L’Union européenne dépend de la Russie pour environ 40 % de son gaz naturel. L’Allemagne et l’Autriche ont activé hier la première phase de leur plan d’urgence, dans laquelle elles se préparent à un éventuel arrêt de l’approvisionnement. Une task force est mise en place pour suivre au quotidien la situation de l’approvisionnement en gaz. Le ministre Habeck a également appelé les entreprises et les familles allemandes à économiser le gaz dans la mesure du possible.
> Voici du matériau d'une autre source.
Lemma infinite_sum_plus f g l m : infinite_sum f l -> infinite_sum g m ->
  infinite_sum (fun i => f i + g i) (l + m).
Proof.
intros Hf Hg; apply (Un_cv_ext (fun n => sum_f_R0 f n + sum_f_R0 g n)).
- intros n; rewrite !sum_f_R0_psum, psum_plus; reflexivity.
- apply CV_plus; assumption.
Qed.

Lemma infinite_sum_shift f l :
  infinite_sum f l -> infinite_sum (fun i => f (S i)) (l - f O).
Proof.
intros H; apply (Un_cv_ext (fun n => sum_f_R0 f (S n) - f O)).
- intros n; rewrite !sum_f_R0_psum, (psum_shift f (S n)); ring.
- apply CV_minus; [apply Un_cv_S, H | apply Un_cv_const].
Qed.

Lemma infinite_sum_telescope g :
  Un_cv g 0 -> infinite_sum (fun i => g (S i) - g i) (- g O).
Proof.
intros H; apply (Un_cv_ext (fun n => g (S n) - g O)).
- intros n; rewrite sum_f_R0_psum, psum_telescope; reflexivity.
- replace (- g O) with (0 - g O) by ring.
  apply CV_minus; [apply Un_cv_S, H | apply Un_cv_const].
Qed.

Lemma infinite_sum_le f g l m : (forall i, f i <= g i) ->
  infinite_sum f l -> infinite_sum g m -> l <= m.
Proof. intros H; apply Rle_cv_lim; intros n; apply sum_Rle; auto. Qed.

Lemma infinite_sum_lt f g l m : (forall i, f i <= g i) -> f O < g O ->
  infinite_sum f l -> infinite_sum g m -> l < m.
Proof.
intros Hle Hlt Hf Hg; apply infinite_sum_shift in Hf, Hg.
pose proof (infinite_sum_le _ _ _ _ (fun i => Hle (S i)) Hf Hg); lra.
Qed.

Lemma infinite_sum_bounded f B : (forall i, 0 <= f i) ->
  (forall n, psum f n <= B) -> exists l, infinite_sum f l.
Proof.
intros Hf HB; destruct (growing_cv (sum_f_R0 f)) as [l Hl].
- intros n; simpl; specialize (Hf (S n)); lra.
- exists B; intros y [n ->]; rewrite sum_f_R0_psum; apply HB.
- exists l; exact Hl.
Qed.

Lemma psum_inv_sq_le s n : 0 < s ->
  psum (fun k => / (s + INR k) ^ 2) n <= / s ^ 2 + / s.
Proof.
intros Hs.
assert (Hpos : forall k, 0 < s + INR k) by (intros k; pose proof (pos_INR k); lra).
destruct n as [|n].
- simpl psum; pose proof (Rinv_0_lt_compat _ (pow_lt _ 2 Hs)).
  pose proof (Rinv_0_lt_compat _ Hs); lra.
- rewrite psum_shift; change (INR 0) with 0; rewrite Rplus_0_r.
  apply Rplus_le_compat_l.
  (* [1/(s+k+1)^2 <= 1/(s+k) - 1/(s+k+1)] telescopes *)
  apply Rle_trans with (psum (fun k => - / (s + INR (S k)) - - / (s + INR k)) n).
  + apply psum_le; intros k _; rewrite !S_INR.
    specialize (Hpos k).
    replace (- / (s + (INR k + 1)) - - / (s + INR k))
      with (/ ((s + INR k) * (s + INR k + 1))) by (field; lra).
    apply Rinv_le_contravar; [apply Rmult_lt_0_compat; lra|].
    replace ((s + (INR k + 1)) ^ 2) with ((s + INR k + 1) * (s + INR k + 1)) by ring.
    nra.
  + pose proof (psum_telescope (fun k => - / (s + INR k)) n) as T; cbv beta in T.
    rewrite T; change (INR 0) with 0.
    rewrite Rplus_0_r; pose proof (Rinv_0_lt_compat _ (Hpos n)); lra.
Qed.

Lemma psi1_series s : 0 < s -> infinite_sum (fun k => / (s + INR k) ^ 2) (psi1 s).
Proof.
intros Hs; destruct (infinite_sum_bounded (fun k => / (s + INR k) ^ 2) (/ s ^ 2 + / s))
  as [l Hl].
- intros k; left; apply Rinv_0_lt_compat, pow_lt; pose proof (pos_INR k); lra.
- intros n; apply psum_inv_sq_le, Hs.
- unfold psi1; rewrite (series_value_spec _ _ Hl); exact Hl.
Qed.

Lemma psi3_series s : 1 <= s ->
  infinite_sum (fun k => / (s + INR k) ^ 4) (psi3 s / 6).
Proof.
intros Hs; destruct (infinite_sum_bounded (fun k => / (s + INR k) ^ 4) (/ s ^ 2 + / s))
  as [l Hl].
- intros k; left; apply Rinv_0_lt_compat, pow_lt; pose proof (pos_INR k); lra.
- intros n; eapply Rle_trans; [|apply (psum_inv_sq_le s n); lra].
  apply psum_le; intros k _; pose proof (pos_INR k).
  apply Rinv_le_contravar; [apply pow_lt; lra|].
  replace ((s + INR k) ^ 4) with ((s + INR k) ^ 2 * (s + INR k) ^ 2) by ring.
  assert (1 <= (s + INR k) ^ 2) by nra; nra.
- unfold psi3; rewrite (series_value_spec _ _ Hl).
  replace (6 * l / 6) with l by field; exact Hl.
Qed.

(** * The tail series *)

Definition tail_term (N : nat) (x : R) (i : nat) : R :=
  / (PI ^ 2 * INR (N + S i) ^ 2 - x ^ 2) ^ 2.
Le plan d’urgence prévoit trois niveaux de crise, dont un premier – celui dit alerte précoce – est activé. C’est une mesure de précaution, souligne le ministre allemand, il n’y a pas encore de pénurie.

La Belgique a également des plans d’urgence prêts si la Russie coupe effectivement le gaz, a confirmé le gestionnaire de réseau Fluxys au début du mois. Ces plans d’urgence comprennent un « plan d’arrêt » qui a encore été affiné ces dernières semaines. Comme en Allemagne, les familles sont considérées comme des “clients protégés” et ne seront donc pas laissées pour compte, mais les consommateurs industriels pourraient, par exemple, être invités à consommer moins de gaz. D’autre part, un mécanisme européen de solidarité est également prévu, selon lequel les pays voisins doivent s’entraider selon certaines procédures en cas de pénurie de gaz.